This invention relates to navigation techniques, and more particularly relates to improved celestial navigation methods and apparatus.
In celestial navigation, it is conventional to observe the position of the stars in the sky, and to translate the observation of these fixed reference points to a determination of an actual position on the face of the earth. If one projects a line running from the center of the earth to a selected celestial body, the line intersects the surface of the earth at a point called the ground position (GP) of the celestial body. The actual location of the GP on the surface of the earth varies as the earth rotates about its axis, and further varies as the inclination of the earth changes during the rotation of the earth about the sun. The GP location is described in terms of North or South Declination, and in terms of the Greenwich Hour Angle. The Declination is simply the degrees of latitude for the GP either north or south of the 0.degree. latitude line known as the Equator. The Greenwich Hour Angle (GHA) is measured clockwise from the zero degree longitude reference line, known as the Greenwich Meridian, and is measured from zero to 360.degree.. The ground positions of numerous selected celestial bodies have been calculated and published, and are available as a function of the date and hour for each day of the year, in tabular form in a variety of almanacs such as the Nautical Alamanac published yearly by the U.S. Government Printing Office.
In conventional celestial navigation, an observer begins by observing the height of a selected celestial body above the horizon using a sextant. This reading, when corrected for the height of the observer above the surface, and also for the effects of refraction from the earth's atmosphere, becomes the observed height (Ho) of the celestial body. The exact time at which Ho was obtained is recorded as a factor in the computation.

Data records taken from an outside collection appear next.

(* Let $f:\mathbb R^p\to\mathbb R^p$ be a continuous function of the form $f(x)=\sum_{\ell=1}^L\mathbf 1\{x\in\mathscr X^{(\ell)}\}(\phi^{(\ell)}+\Phi^{(\ell)}x)$, where $\{\mathscr X^{(\ell)}\}_{\ell=1}^L$ is a partition of $\mathbb R^p$ into convex sets, $\phi^{(\ell)}\in\mathbb R^p$ and $\Phi^{(\ell)}\in\mathbb R^{p\times p}$. Then: (1) for every $x',x''\in\mathbb R^p$ there exists $\Phi\in\operatorname{co}\{\Phi^{(\ell)}\}_{\ell=1}^L$ such that $f(x'')-f(x')=\Phi(x''-x')$; (2) if $f$ is invertible, then the sets $\mathscr Y^{(\ell)}\defeq f(\mathscr X^{(\ell)})$ partition $\mathbb R^p$ and $f^{-1}(y)=\sum_{\ell=1}^L\mathbf 1\{y\in\mathscr Y^{(\ell)}\}(\Phi^{(\ell)})^{-1}(y-\phi^{(\ell)})$. Suppose further that there exist $a\in\mathbb R^p\setminus\{0\}$ and thresholds $-\infty=\tau_0<\tau_1<\dots<\tau_L=+\infty$ with $\mathscr X^{(\ell)}=\{x\in\mathbb R^p:a^\top x\in(\tau_{\ell-1},\tau_\ell]\}$. Then: (3) if $f$ is invertible, $f^{-1}(y)=\sum_{\ell=1}^L\mathbf 1\{b^\top y\in(\nu_{\ell-1},\nu_\ell]\}(\Phi^{(\ell)})^{-1}(y-\phi^{(\ell)})$, where $b^\top\defeq a^\top(\Phi^{(1)})^{-1}$ and $\nu_\ell\defeq\frac{\det\Phi^{(\ell)}}{\det\Phi^{(1)}}\tau_\ell+a^\top(\Phi^{(1)})^{-1}\phi^{(\ell)}$ for $\ell\in\{0,\dots,L\}$.
   Context: $\operatorname{co}$ denotes the convex hull. In parts (2)–(3), the formulas involve $(\Phi^{(\ell)})^{-1}$; the conventions $\pm\infty$ times positive scalars plus finite constants are $\pm\infty$. *)

From HB Require Import structures.
From mathcomp Require Import all_boot all_order all_algebra.
From mathcomp Require Import all_classical all_reals all_analysis.
Set Implicit Arguments. Unset Strict Implicit. Unset Printing Implicit Defensive.
Import Order.TTheory GRing.Theory Num.Theory.
Import numFieldNormedType.Exports.
Local Open Scope classical_set_scope.
Local Open Scope ring_scope.

(* Pieces are indexed by l in {1, ..., L}, as in the paper. *)

Definition is_partition (T : Type) (L : nat) (X : nat -> set T) : Prop :=
  (forall x, exists l, (1 <= l <= L)%N /\ X l x) /\
  (forall l m, (1 <= l <= L)%N -> (1 <= m <= L)%N -> l <> m ->
     X l `&` X m = set0).

Definition in_conv_hull (R : realType) (p L : nat) (Phi : nat -> 'M[R]_p)
    (M : 'M[R]_p) : Prop :=
  exists w : nat -> R,
    (forall l, (1 <= l <= L)%N -> 0 <= w l) /\
    \sum_(1 <= l < L.+1) w l = 1 /\
    M = \sum_(1 <= l < L.+1) w l *: Phi l.

Definition dotv (R : realType) (p : nat) (a x : 'cV[R]_p) : R :=
  (a^T *m x) ord0 ord0.

Definition nu_thr (R : realType) (p L : nat) (a : 'cV[R]_p)
    (phi : nat -> 'cV[R]_p) (Phi : nat -> 'M[R]_p) (tau : nat -> \bar R)
    (l : nat) : \bar R :=
  if l == 0%N then -oo%E
  else if l == L then +oo%E
  else ((\det (Phi l) / \det (Phi 1%N)) * fine (tau l)
        + dotv a (invmx (Phi 1%N) *m phi l))%:E.

From HB Require Import structures.
From mathcomp Require Import all_boot all_order all_algebra.
From mathcomp Require Import all_classical all_reals all_analysis.
From mathcomp Require Import zify ring lra.
Import Order.TTheory GRing.Theory Num.Theory.
Import numFieldNormedType.Exports.
Local Open Scope classical_set_scope.
Local Open Scope ring_scope.
Set Implicit Arguments. Unset Strict Implicit. Unset Printing Implicit Defensive.
(* Let $d,k$ be integers with $2\leq d\leq\frac{k+1}{2}$, $\Sigma_k=\{\sigma_1,\ldots,\sigma_k\}$, $\Sigma_d=\{\sigma_1,\ldots,\sigma_d\}$. Consider $r\geq2$ users over $\Sigma_k$, where user 1 has confusion graph $G_1=(\Sigma_k,\{ab\mid a\in\Sigma_k,\ b\in\Sigma_k\setminus\Sigma_d,\ a\neq b\})$ and users $2,\ldots,r$ have confusion graphs $G_2,\ldots,G_r$ each containing (as edge sets) the complement $\overline{G_1}=(\Sigma_k,\{ab\mid a,b\in\Sigma_d,\ a\neq b\})$. If $(\alpha\log_2 d,R_2,\ldots,R_r)$ with $\alpha\in[0,1]$ is a feasible rate vector, then $\sum_{i=2}^r R_i\leq(1-\alpha)\log_2(k-d+1)$.
   Context: Setting: a sender broadcasts a word of length $n$ over a finite alphabet $\Sigma$ to $r$ users; user $i$ has a confusion graph $G_i$ on vertex set $\Sigma$, where $ab$ is an edge iff user $i$ cannot distinguish letters $a$ and $b$. Two words $x,y\in\Sigma^n$ are distinguishable by user $i$ if there is a coordinate $t$ with $x_t\neq y_t$ and $x_ty_t$ not an edge of $G_i$. A vector $(m_1,\ldots,m_r)$ of positive integers is feasible for length $n$ if there is a map $E:[m_1]\times\cdots\times[m_r]\to\Sigma^n$ such that for every $i$ and all tuples $a,a'$ with $a_i\neq a'_i$, $E(a)$ and $E(a')$ are distinguishable by user $i$. A rate vector $(R_1,\ldots,R_r)$ is feasible if there is a sequence of feasible vectors for lengths $n\to\infty$ with $R_i=\lim_{n\to\infty}\frac{\log_2 m_i^{(n)}}{n}$ for all $i$. *)

From Stdlib Require Import Reals.
From mathcomp Require Import all_boot.
Open Scope R_scope.

(* Alphabet Sigma_k = 'I_k (letter sigma_{j+1} is the ordinal j).
   A confusion graph is a boolean relation on 'I_k (ab edge iff G a b). *)

Definition log2 (x : R) : R := (ln x / ln 2).

Definition distinguishable {k n : nat} (G : rel 'I_k) (x y : 'I_n -> 'I_k) : Prop :=
  exists t : 'I_n, x t <> y t /\ ~~ G (x t) (y t).

Definition feasible_vec (k r n : nat) (G : 'I_r -> rel 'I_k) (m : 'I_r -> nat) : Prop :=
  (forall i, 0 < m i)%N /\
  exists E : ('I_r -> nat) -> ('I_n -> 'I_k),
    forall a a' : 'I_r -> nat,
      (forall i, a i < m i)%N -> (forall i, a' i < m i)%N ->
      forall i, a i <> a' i -> distinguishable (G i) (E a) (E a').

Definition feasible_rate (k r : nat) (G : 'I_r -> rel 'I_k) (Rt : 'I_r -> R) : Prop :=
  exists (N : nat -> nat) (M : nat -> 'I_r -> nat),
    (forall B, exists J, forall j, (J <= j)%N -> (B <= N j)%N) /\
    (forall j, feasible_vec k r (N j) G (M j)) /\
    (forall i, Un_cv (fun j => (log2 (INR (M j i)) / INR (N j))) (Rt i)).

Definition G1 (k d : nat) : rel 'I_k :=
  fun a b => (a != b) && ((d <= a)%N || (d <= b)%N).

Definition G1c (k d : nat) : rel 'I_k :=
  fun a b => (a != b) && (a < d)%N && (b < d)%N.

(* Fix the message [a] of user 1 and keep, from each codeword [E (a, b)], only its letters
   in Sigma_d.  User 1 tells letters apart only inside Sigma_d, so the sets [U a] of words of
   Sigma_d^n agreeing with some [E (a, b)] on those coordinates are pairwise disjoint and
   [sum_a |U a| <= d ^ n].  Users 2..r do not tell letters of Sigma_d apart, so the codewords
   [E (a, b)], [b] ranging over their messages, already differ in their pattern: which
   coordinates carry a letter of Sigma_d, and which outer letter sits at the others.  Each
   pattern of [E (a, b)] spans a subcube of [U a], and a counting inequality, proved by
   induction on [n] from the convexity of [x ^ c], bounds the number of such patterns by
   [|U a| ^ c] with [c = log_d (k - d + 1)].  Hence [m_1 (prod_(i >= 2) m_i) ^ (1/c) <= d ^ n];
   taking logarithms, dividing by [n] and letting [n] grow gives
   [alpha + (sum_(i >= 2) R_i) / log2 (k - d + 1) <= 1]. *)

From Stdlib Require Import Reals Lra.
From HB Require Import structures.
From mathcomp Require Import all_boot zify.
Open Scope R_scope.

HB.instance Definition _ := Monoid.isComLaw.Build R 0 Rplus
  (fun a b c => esym (Rplus_assoc a b c)) Rplus_comm Rplus_0_l.

Lemma INR_sum I r (P : pred I) (F : I -> nat) :
  INR (\sum_(i <- r | P i) F i) = \big[Rplus/0]_(i <- r | P i) INR (F i).
Proof. exact: (big_morph _ plus_INR). Qed.

Lemma INR_expn a b : INR (a ^ b)%N = INR a ^ b.
Proof. by elim: b => [|b IH]; rewrite ?expn0 // expnS mult_INR IH. Qed.

Lemma leR_sum I r (P : pred I) (F G : I -> R) : (forall i, P i -> F i <= G i) ->
  \big[Rplus/0]_(i <- r | P i) F i <= \big[Rplus/0]_(i <- r | P i) G i.
Proof.
by move=> FG; apply: big_ind2 => *; [apply: Rle_refl | apply: Rplus_le_compat | apply: FG].
Qed.

Lemma ln_gt0 x : 1 < x -> 0 < ln x.
Proof. by move=> x_gt1; rewrite -ln_1; apply: ln_increasing; lra. Qed.

Lemma log2_gt0 x : 1 < x -> 0 < log2 x.
Proof. by move=> x_gt1; apply: Rdiv_lt_0_compat; apply: ln_gt0; lra. Qed.

Lemma ln_le x y : 0 < x -> x <= y -> ln x <= ln y.
Proof. by move=> x_gt0 [x_lt_y | <-]; [left; apply: ln_increasing | apply: Rle_refl]. Qed.

Lemma Rlog_ge1 b x : 1 < b -> b <= x -> 1 <= Rlog b x.
Proof.
move=> b_gt1 b_le_x; have ln_b_gt0 := ln_gt0 b b_gt1.
have := ln_le b x ltac:(lra) b_le_x.
rewrite /Rlog -(Rdiv_diag (ln b)); last by lra.
by move=> ?; apply: Rmult_le_compat_r; [left; apply: Rinv_0_lt_compat |].
Qed.

(* [Rpower 0 c] is [1]; [rpow] sets [0 ^ c] to [0] instead. *)
Definition rpow (x c : R) : R := if Rle_dec x 0 then 0 else Rpower x c.

Lemma rpow_gt0 x c : 0 < x -> rpow x c = Rpower x c.
Proof. by move=> x_gt0; rewrite /rpow; case: Rle_dec => //= ?; lra. Qed.

Lemma rpow0 c : rpow 0 c = 0.
Proof. by rewrite /rpow; case: Rle_dec => //= -[]; apply: Rle_refl. Qed.

Lemma rpow_ge0 x c : 0 <= rpow x c.
Proof. by rewrite /rpow; case: Rle_dec => ? /=; [apply: Rle_refl | left; apply: exp_pos]. Qed.

Lemma Rpower_1_l c : Rpower 1 c = 1.
Proof. by rewrite /Rpower ln_1 Rmult_0_r exp_0. Qed.

Lemma Rpower_le_self t c : 1 <= c -> 0 < t <= 1 -> Rpower t c <= t.
Proof.
move=> c_ge1 t_01.
have le1 : Rpower t (c - 1) <= 1.
  by rewrite -{2}(Rpower_1_l (c - 1)); apply: Rle_Rpower_l; lra.
have -> : c = 1 + (c - 1) by ring.
rewrite Rpower_plus Rpower_1; [nra | lra].
Qed.

Lemma Rpower_superadditive s b c : 1 <= c -> 0 < s -> 0 < b ->
  Rpower s c + Rpower b c <= Rpower (s + b) c.
Proof.
move=> c_ge1 s_gt0 b_gt0.
(* x^c = (x/(s+b))^c (s+b)^c <= x/(s+b) (s+b)^c, and the two weights add up to 1 *)
have share x : 0 < x <= s + b -> Rpower x c <= x / (s + b) * Rpower (s + b) c.
  move=> x_bnd; have t_01 : 0 < x / (s + b) <= 1.
    have : x / (s + b) * (s + b) = x by field; lra.
    have : 0 < x / (s + b) by apply: Rdiv_lt_0_compat; lra.
    nra.
  have -> : Rpower x c = Rpower (x / (s + b)) c * Rpower (s + b) c.
    by rewrite Rpower_mult_distr; try lra; congr Rpower; field; lra.
  by apply: Rmult_le_compat_r; [left; apply: exp_pos | exact: Rpower_le_self].
have := share s ltac:(lra); have := share b ltac:(lra).
have : s / (s + b) * Rpower (s + b) c + b / (s + b) * Rpower (s + b) c = Rpower (s + b) c
  by field; lra.
lra.
Qed.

Using the above information, a "line of position" (LOP) is then derived as hereinbelow discussed. In the conventional method, the observer first selects an assumed location: Latitude (Laa) and Longitude (Loa). Next, the GP of the selected celestial body is calculated for the exact time at which the observation of the body occurred. From these two points on the face of the earth, a calculated height (Hc) is derived for the selected celestial body. The difference in magnitude between Hc and Ho defines a distance from the assumed position to the LOP.
Given the assumed position and the GP, the bearing of the GP from the assumed position can now also be calculated. If an arc is plotted through the assumed position along this compass bearing it will connect with the GP. It is now assumed that the actual position also lies along this same line. The line of position desired is then obtained by measuring the difference between Hc and Ho either toward or away from the GP along the connecting arc as indicated by the sign of the difference and drawing the line of position perpendicular to this connecting arc at this distance from the assumed position.
The LOP so determined provides a first reference line for determining the actual position of the observer. A plurality of such lines of position are then determined by observing other celestial bodies, and the intersection of these lines of position as plotted on a suitable chart then defines a point which is the actual position of the observer. More normally, a small triangle is formed on the chart by the intersection of these lines, and the actual position is taken to be the approximate center of this triangle.
The major problem with the foregoing conventional method for obtaining an actual position from observation of celestial bodies occurs when one attempts to plot the difference between Ho and Hc on a flat plotting surface. It is well known that the transformation of a spherical surface to a planar surface for purposes of conventional plotting results in distortions in the Longitude and/or the Latitude scales. One traditional projection, the Mercator Projection, displays uniform longitudinal scales as measured along lines of latitude, but yields distorted latitude spacings as measured along lines of longitude. This distortion is ascertainable and can be corrected when plotting changes in latitude directly along a longitudinal line. If, however, a distance is plotted at an angle to the line of longitude, as is normally the case, the resulting nonlinearities introduce unascertainable errors into the conventional plot. The magnitude of this distortion increases greatly as one proceeds a further distance from the equator or as the line of direction to the GP becomes oriented in a more East West direction.
This disadvantage of the prior art is overcome by the present invention, however, and improved methods and apparatus are provided for obtaining a more accurate determination of the actual position of an observer according to celestial navigation principles.